Author affiliation(s)	ETH Zürich, Charité – Universitätsmedizin Berlin, Birmingham City University
Primary contact	Online contact form
Year published	2020
Volume and issue	20
Page(s)	310
DOI	10.1186/s12911-020-01332-6
ISSN	1472-6947
Distribution license	Creative Commons Attribution 4.0 International
Website	https://bmcmedinformdecismak.biomedcentral.com/articles/10.1186/s12911-020-01332-6
Download	https://bmcmedinformdecismak.biomedcentral.com/track/pdf/10.1186/s12911-020-01332-6.pdf (PDF)

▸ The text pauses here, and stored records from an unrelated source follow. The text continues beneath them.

(* Let $\mathcal{I}\in\mathbb{R}^{H\times W\times U}$ be a hyperspectral image and let $\mathcal{D}_{\mathcal{I}}=\{(B_i,y_i)\}_{i=1}^{M}$ be the dataset of cuboids built from it, where $B_i\in\mathbb{R}^{P\times P\times U}$ is the cuboid centred at the $i$-th pixel and $y_i\in\mathcal{Y}=\{1,\dots,K\}$ is the label of that central pixel. Suppose $\mathcal{D}_{\mathcal{I}}$ is partitioned into $\mathcal{D}_{\text{train}}$, $\mathcal{D}_{\text{val}}$, and a set $\mathcal{D}_{\text{cal}}\cup\mathcal{D}_{\text{test}}$, where the split of $\mathcal{D}_{\text{cal}}\cup\mathcal{D}_{\text{test}}$ into the calibration set $\mathcal{D}_{\text{cal}}=\{(B_i,y_i)\}_{i=1}^n$ and the test set $\mathcal{D}_{\text{test}}=\{(B_{n+j},y_{n+j})\}_{j=1}^m$ is made uniformly at random. Let $S:(B,y)\mapsto S(B,y)\in\mathbb{R}$ be a non-conformity score function derived from a pre-trained HSI classifier (which may have been trained with access to the whole image, including pixels of calibration and test cuboids), and assume that for every cuboid $B$ and every label $y\in\mathcal{Y}$, the value $S(B,y)$ is invariant under any permutation of the union $\mathcal{D}_{\text{cal}}\cup\mathcal{D}_{\text{test}}$ (i.e., it does not depend on which elements of this union are designated as calibration versus test samples). Define $s_i:=S(B_i,y_i)$ for $i=1,\dots,n+m$. Then the calibration scores $\{s_i\}_{i=1}^n$ and the test scores $\{s_{n+j}\}_{j=1}^m$ are exchangeable.
   Context: A non-conformity score function $S(B,y)$ measures how poorly label $y$ conforms to the classifier's prediction at cuboid $B$ (e.g., computed from the classifier's softmax probabilities $\hat\pi_\theta(B)$ and label ranks). A finite sequence of random variables is exchangeable if its joint distribution is invariant under every permutation of the indices. *)

From HB Require Import structures.
From mathcomp Require Import all_boot all_order all_algebra all_fingroup.
From mathcomp Require Import reals.
Set Implicit Arguments. Unset Strict Implicit. Unset Printing Implicit Defensive.
Import Order.TTheory GRing.Theory Num.Theory.
Local Open Scope ring_scope.

Definition cuboid (R : realType) (P U : nat) := {ffun 'I_P * 'I_P * 'I_U -> R}.

(* The random split of D_cal \cup D_test (N = n + m elements, indexed by 'I_N)
   is a uniformly random permutation sigma : position i of the split sequence
   receives element sigma i of the union; positions < n form D_cal, the others
   D_test. *)
Definition prob_unif (R : realType) (N : nat) (E : pred {perm 'I_N}) : R :=
  #|[set s : {perm 'I_N} | E s]|%:R / (N`!)%:R.

Definition exchangeable (R : realType) (N : nat)
  (X : {perm 'I_N} -> 'I_N -> R) : Prop :=
  forall (pi : {perm 'I_N}) (A : ('I_N -> R) -> bool),
    @prob_unif R N (fun s => A (fun i => X s (pi i))) =
    @prob_unif R N (fun s => A (X s)).

From HB Require Import structures.
From mathcomp Require Import all_boot all_order all_algebra all_fingroup.
From mathcomp Require Import reals.
From mathcomp Require Import boolp.
Local Open Scope ring_scope.

(* The uniform law on permutations is invariant under left translation, and
   relabelling the coordinates of the sample (F (s 1), ..., F (s N)) by pi is
   the same as replacing s by the translate pi * s (which applies pi first:
   (pi * s) i = s (pi i)).  Under the invariance hypothesis the score vector
   is such a sample, F j being the score of the j-th element of the
   calibration/test union. *)

Lemma card_perm_mull (N : nat) (pi : {perm 'I_N}) (E : pred {perm 'I_N}) :
  #|[set s : {perm 'I_N} | E (pi * s)%g]| = #|[set s : {perm 'I_N} | E s]|.
Proof.
have -> : [set s | E s] = [set (pi * t)%g | t in [set s | E (pi * s)%g]].
  apply/setP => s; rewrite inE; apply/idP/imsetP => [Es | [t + ->]].
    by exists (pi^-1 * s)%g; rewrite ?inE mulgA mulgV mul1g.
  by rewrite inE.
by rewrite card_imset //; apply: mulgI.
Qed.

Lemma prob_unif_mull (R : realType) (N : nat) (pi : {perm 'I_N})
    (E : pred {perm 'I_N}) :
  @prob_unif R N (fun s => E (pi * s)%g) = @prob_unif R N E.
Proof. by rewrite /prob_unif card_perm_mull. Qed.

Lemma exchangeable_perm_sample (R : realType) (N : nat) (F : 'I_N -> R) :
  @exchangeable R N (fun s i => F (s i)).
Proof.
move=> pi A; rewrite -[RHS](@prob_unif_mull R N pi); congr (@prob_unif R N _).
apply: funext => s; congr (A _).
by apply: funext => i; rewrite permM.
Qed.

Theorem theorem2 (R : realType) (P U K n m : nat)
  (data : 'I_(n + m) -> cuboid R P U * 'I_K)
  (S : {perm 'I_(n + m)} -> cuboid R P U -> 'I_K -> R)
  (HS : forall (s t : {perm 'I_(n + m)}) (B : cuboid R P U) (y : 'I_K),
          S s B y = S t B y) :
  @exchangeable R (n + m) (fun (s : {perm 'I_(n + m)}) (i : 'I_(n + m)) =>
                    S s (data (s i)).1 (data (s i)).2).
Proof.
pose score j := S 1%g (data j).1 (data j).2.
have -> : (fun s i => S s (data (s i)).1 (data (s i)).2) = (fun s i => score (s i)).
  by apply: funext => s; apply: funext => i; apply: HS.
exact: exchangeable_perm_sample.
Qed.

Revision as of 21:32, 28 December 2020

This article should be considered a work in progress and incomplete. Consider this article incomplete until this notice is removed.

Abstract

Background: Explainability is one of the most heavily debated topics when it comes to the application of artificial intelligence (AI) in healthcare. Even though AI-driven systems have been shown to outperform humans in certain analytical tasks, the lack of explainability continues to spark criticism. Yet, explainability is not a purely technological issue; instead, it invokes a host of medical, legal, ethical, and societal questions that require thorough exploration. This paper provides a comprehensive assessment of the role of explainability in medical AI and makes an ethical evaluation of what explainability means for the adoption of AI-driven tools into clinical practice.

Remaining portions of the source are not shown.